I think my emotional moodswings have reached a new low. I cried for the entire duration of changing my tampon.
Saw shirtless man with angel wing tramp stamp seen biking in my neighborhood. Considering moving.
how ive managed to spend 100$ at an open bar is beyond me.
And then she said "sorry if my vagina smells like fish, it's just active."
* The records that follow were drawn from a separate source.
(* Every SB-generated group has uncountable cofinality, i.e., it cannot be expressed as the union of a strictly increasing sequence $H_1\subsetneq H_2\subsetneq\cdots$ of subgroups.
   Context: A subset of a group $G$ is strongly bounded if it has finite diameter in every left-invariant metric on $G$; a group is SB-generated if it is generated by a strongly bounded subset. *)

From Stdlib Require Import Reals.
Open Scope R_scope.

Section Groups.
Variables (G : Type) (mul : G -> G -> G) (inv : G -> G) (e : G).

Definition is_group : Prop :=
  (forall x y z, mul x (mul y z) = mul (mul x y) z) /\
  (forall x, mul e x = x) /\ (forall x, mul x e = x) /\
  (forall x, mul (inv x) x = e) /\ (forall x, mul x (inv x) = e).

Definition is_subgroup (H : G -> Prop) : Prop :=
  H e /\ (forall x y, H x -> H y -> H (mul x y)) /\ (forall x, H x -> H (inv x)).

Definition generated (A : G -> Prop) : G -> Prop :=
  fun g => forall H, is_subgroup H -> (forall a, A a -> H a) -> H g.

Definition is_metric (d : G -> G -> R) : Prop :=
  (forall x y, 0 <= d x y) /\
  (forall x y, d x y = 0 <-> x = y) /\
  (forall x y, d x y = d y x) /\
  (forall x y z, d x z <= d x y + d y z).

Definition left_invariant (d : G -> G -> R) : Prop :=
  forall g x y, d (mul g x) (mul g y) = d x y.

Definition finite_diameter (d : G -> G -> R) (A : G -> Prop) : Prop :=
  exists M : R, forall x y, A x -> A y -> d x y <= M.

Definition strongly_bounded (A : G -> Prop) : Prop :=
  forall d, is_metric d -> left_invariant d -> finite_diameter d A.

Definition SB_generated : Prop :=
  exists A : G -> Prop, strongly_bounded A /\ forall g, generated A g.

Definition uncountable_cofinality : Prop :=
  ~ exists H : nat -> (G -> Prop),
      (forall n, is_subgroup (H n)) /\
      (forall n g, H n g -> H (S n) g) /\
      (forall n, exists g, H (S n) g /\ ~ H n g) /\
      (forall g, exists n, H n g).

End Groups.

Arguments is_group {G} mul inv e.
Arguments is_subgroup {G} mul inv e H.
Arguments generated {G} mul inv e A g.
Arguments left_invariant {G} mul d.
Arguments strongly_bounded {G} mul A.
Arguments SB_generated {G} mul inv e.
Arguments uncountable_cofinality {G} mul inv e.

(* An exhausting chain H_0 ⊊ H_1 ⊊ ... of subgroups gives each element a
   level, the least n with g ∈ H_n; the level satisfies
   level (g h) <= max (level g) (level h) and level g⁻¹ = level g, so
   d x y := level (x⁻¹ y) + 1 for x <> y is a left-invariant metric.  A
   strongly bounded set has bounded d-diameter, hence lies in a single H_n,
   and then so does the subgroup it generates, contradicting strictness. *)
From Stdlib Require Import Reals ClassicalEpsilon Classical Wf_nat Lra Lia.

Section GroupLaws.

Variables (G : Type) (mul : G -> G -> G) (inv : G -> G) (e : G).
Hypothesis HG : is_group mul inv e.

Let mulA : forall x y z, mul x (mul y z) = mul (mul x y) z.
Proof. apply HG. Qed.
Let mul1g : forall x, mul e x = x.
Proof. apply HG. Qed.
Let mulg1 : forall x, mul x e = x.
Proof. apply HG. Qed.
Let mulVg : forall x, mul (inv x) x = e.
Proof. apply HG. Qed.
Let mulgV : forall x, mul x (inv x) = e.
Proof. apply HG. Qed.

Lemma inv_unique (u v : G) : mul u v = e -> v = inv u.
Proof.
  intros Huv.
  rewrite <- (mul1g v), <- (mulVg u), <- mulA, Huv, mulg1. reflexivity.
Qed.

Lemma invgK (g : G) : inv (inv g) = g.
Proof. symmetry. apply inv_unique, mulVg. Qed.

Lemma invMg (a b : G) : inv (mul a b) = mul (inv b) (inv a).
Proof.
  symmetry. apply inv_unique.
  rewrite <- mulA, (mulA b), mulgV, mul1g, mulgV. reflexivity.
Qed.

Lemma mulKg (a b : G) : mul a (mul (inv a) b) = b.
Proof. rewrite mulA, mulgV, mul1g. reflexivity. Qed.

Lemma mulg_left_inj (g x y : G) : mul g x = mul g y -> x = y.
Proof.
  intros E.
  rewrite <- (mulKg (inv g) x), <- (mulKg (inv g) y), invgK, E. reflexivity.
Qed.

Lemma invM_left_translate (g x y : G) :
  mul (inv (mul g x)) (mul g y) = mul (inv x) y.
Proof. rewrite invMg, <- mulA, (mulA (inv g)), mulVg, mul1g. reflexivity. Qed.

Lemma invM_chain (x y z : G) :
  mul (mul (inv x) y) (mul (inv y) z) = mul (inv x) z.
Proof. rewrite <- mulA, mulKg. reflexivity. Qed.

Section LengthMetric.

Variable N : G -> R.
Hypothesis N_ge0 : forall g, 0 <= N g.
Hypothesis N_subadd : forall g h, N (mul g h) <= N g + N h.
Hypothesis N_inv : forall g, N (inv g) = N g.

(* N need not vanish only at e; the added 1 makes the distance definite. *)
Definition length_metric (x y : G) : R :=
  if excluded_middle_informative (x = y) then 0 else N (mul (inv x) y) + 1.

Lemma length_metric_is_metric : is_metric G length_metric.
Proof.
  unfold length_metric; split; [|split; [|split]].
  - intros x y. destruct excluded_middle_informative; [lra|].
    pose proof (N_ge0 (mul (inv x) y)). lra.
  - intros x y. destruct excluded_middle_informative as [E|E]; [tauto|].
    pose proof (N_ge0 (mul (inv x) y)). split; [lra|congruence].
  - intros x y.
    destruct (excluded_middle_informative (x = y)) as [E|E];
      destruct (excluded_middle_informative (y = x)) as [E'|E']; try congruence.
    rewrite <- (N_inv (mul (inv x) y)), invMg, invgK. reflexivity.
  - intros x y z.
    pose proof (N_ge0 (mul (inv x) y)). pose proof (N_ge0 (mul (inv y) z)).
    destruct (excluded_middle_informative (x = z)) as [Exz|Exz].
    { repeat destruct excluded_middle_informative; lra. }
    destruct (excluded_middle_informative (x = y)) as [Exy|Exy].
    { subst. destruct excluded_middle_informative; [congruence|lra]. }
    destruct (excluded_middle_informative (y = z)) as [Eyz|Eyz].
    { subst. lra. }
    rewrite <- invM_chain with (y := y).
    pose proof (N_subadd (mul (inv x) y) (mul (inv y) z)). lra.
Qed.

Lemma length_metric_left_invariant : left_invariant mul length_metric.
Proof.
  intros g x y. unfold length_metric. rewrite invM_left_translate.
  destruct (excluded_middle_informative (mul g x = mul g y)) as [E|E];
    destruct (excluded_middle_informative (x = y)) as [E'|E']; auto.
  - exfalso. exact (E' (mulg_left_inj g x y E)).
  - exfalso. apply E. rewrite E'. reflexivity.
Qed.

Lemma strongly_bounded_length_bounded (A : G -> Prop) :
  strongly_bounded mul A ->
  exists M, forall a b, A a -> A b -> N (mul (inv a) b) <= M.
Proof.
  intros HA.
  destruct (HA length_metric length_metric_is_metric length_metric_left_invariant)
    as [M HM].
  exists (Rmax M (N e)). intros a b Ha Hb.
  specialize (HM a b Ha Hb). unfold length_metric in HM.
  destruct excluded_middle_informative as [E|E].
  - subst. rewrite mulVg. apply Rmax_r.
  - eapply Rle_trans; [|apply Rmax_l]. lra.
Qed.

End LengthMetric.

Section SubgroupChain.

Variable H : nat -> G -> Prop.
Hypothesis H_subgroup : forall n, is_subgroup mul inv e (H n).
Hypothesis H_increasing : forall n g, H n g -> H (S n) g.
Hypothesis H_exhaustive : forall g, exists n, H n g.

Lemma chain_monotone (n m : nat) (g : G) : (n <= m)%nat -> H n g -> H m g.
Proof. intros Hnm. induction Hnm; auto. Qed.

Definition level (g : G) : nat :=
  epsilon (inhabits 0%nat) (fun n => H n g /\ forall m, H m g -> (n <= m)%nat).

Lemma level_spec (g : G) :
  H (level g) g /\ forall m, H m g -> (level g <= m)%nat.
Proof.
  unfold level. apply epsilon_spec.
  destruct (dec_inh_nat_subset_has_unique_least_element (fun n => H n g)
              (fun n => classic (H n g)) (H_exhaustive g)) as [n [Hn _]].
  exists n. exact Hn.
Qed.

Lemma in_chain_above_level (g : G) (n : nat) : (level g <= n)%nat -> H n g.
Proof. intros Hn. apply (chain_monotone (level g)); [exact Hn | apply level_spec]. Qed.

Lemma level_mul (g h : G) : (level (mul g h) <= Nat.max (level g) (level h))%nat.
Proof. apply level_spec, H_subgroup; apply in_chain_above_level; lia. Qed.

Lemma level_inv (g : G) : level (inv g) = level g.
Proof.
  assert (Hle : forall x, (level (inv x) <= level x)%nat).
  { intros x. apply level_spec, H_subgroup, level_spec. }
  apply Nat.le_antisymm; [apply Hle|].
  rewrite <- (invgK g) at 1. apply Hle.
Qed.

Lemma chain_absorbs_strongly_bounded (A : G -> Prop) :
  strongly_bounded mul A -> exists n, forall a, A a -> H n a.
Proof.
  intros HA.
  destruct (classic (exists a0, A a0)) as [[a0 Ha0]|Hempty].
  2:{ exists 0%nat. intros a Ha. exfalso. eauto. }
  destruct (strongly_bounded_length_bounded (fun g => INR (level g))) with (A := A)
    as [M HM]; auto.
  - intros g. apply pos_INR.
  - intros g h. rewrite <- plus_INR. apply le_INR.
    pose proof (level_mul g h). lia.
  - intros g. rewrite level_inv. reflexivity.
  - destruct (INR_unbounded M) as [k Hk].
    exists (Nat.max k (level a0)). intros a Ha.
    rewrite <- (mulKg a0 a). apply H_subgroup; apply in_chain_above_level; [lia|].
    assert (Hlt : INR (level (mul (inv a0) a)) < INR k)
      by (specialize (HM a0 a Ha0 Ha); lra).
    apply INR_lt in Hlt. lia.
Qed.

End SubgroupChain.

End GroupLaws.

Theorem proposition2p6 (G : Type) (mul : G -> G -> G) (inv : G -> G) (e : G)
  (HG : is_group mul inv e) :
  SB_generated mul inv e -> uncountable_cofinality mul inv e.
Proof.
  intros [A [HA Hgen]] [H [Hsub [Hinc [Hstrict Hcov]]]].
  destruct (chain_absorbs_strongly_bounded G mul inv e HG H Hsub Hinc Hcov A HA)
    as [n Hn].
  destruct (Hstrict n) as [g [_ Hg]].
  exact (Hg (Hgen g (H n) (Hsub n) Hn)).
Qed.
I woke up with fried rice in my sweatshirt pocket came downstairs and found all the chicken in the fridge gone. I'm THAT roommate aren't I?
Can we dedicate this weekends marathon sexcapades to all the haters?
if you need to find her look her up on www.imastupidslut.org
.org?
yeah. they're non profit. helps them sleep at night.
My eyes feel like they're throwing up and I am the only human on campus
Well I sent him a pic of my vagina and sent back a pic of his puppy....so there's that
Caleb has a beard comb now. Also I have a pube comb now too. May or may not be related incidents
I fucking hate tequila. Tequila makes me hate pants.
So you're on like a list there now..."Do not under any circumstances give this person a knife. Serve them in plastic cups ONLY"
so it took us like 45 minutes to get into the party.... then when we wanted to leave we were blocked and forced to stay.
....you got kicked INTO a party??
I mean, he'll either figure it the fuck out or set my apartment on fire. Either way, it will be entertaining.
None of these texts make sense. except for "step 2.5 equals velociraptor." that i get.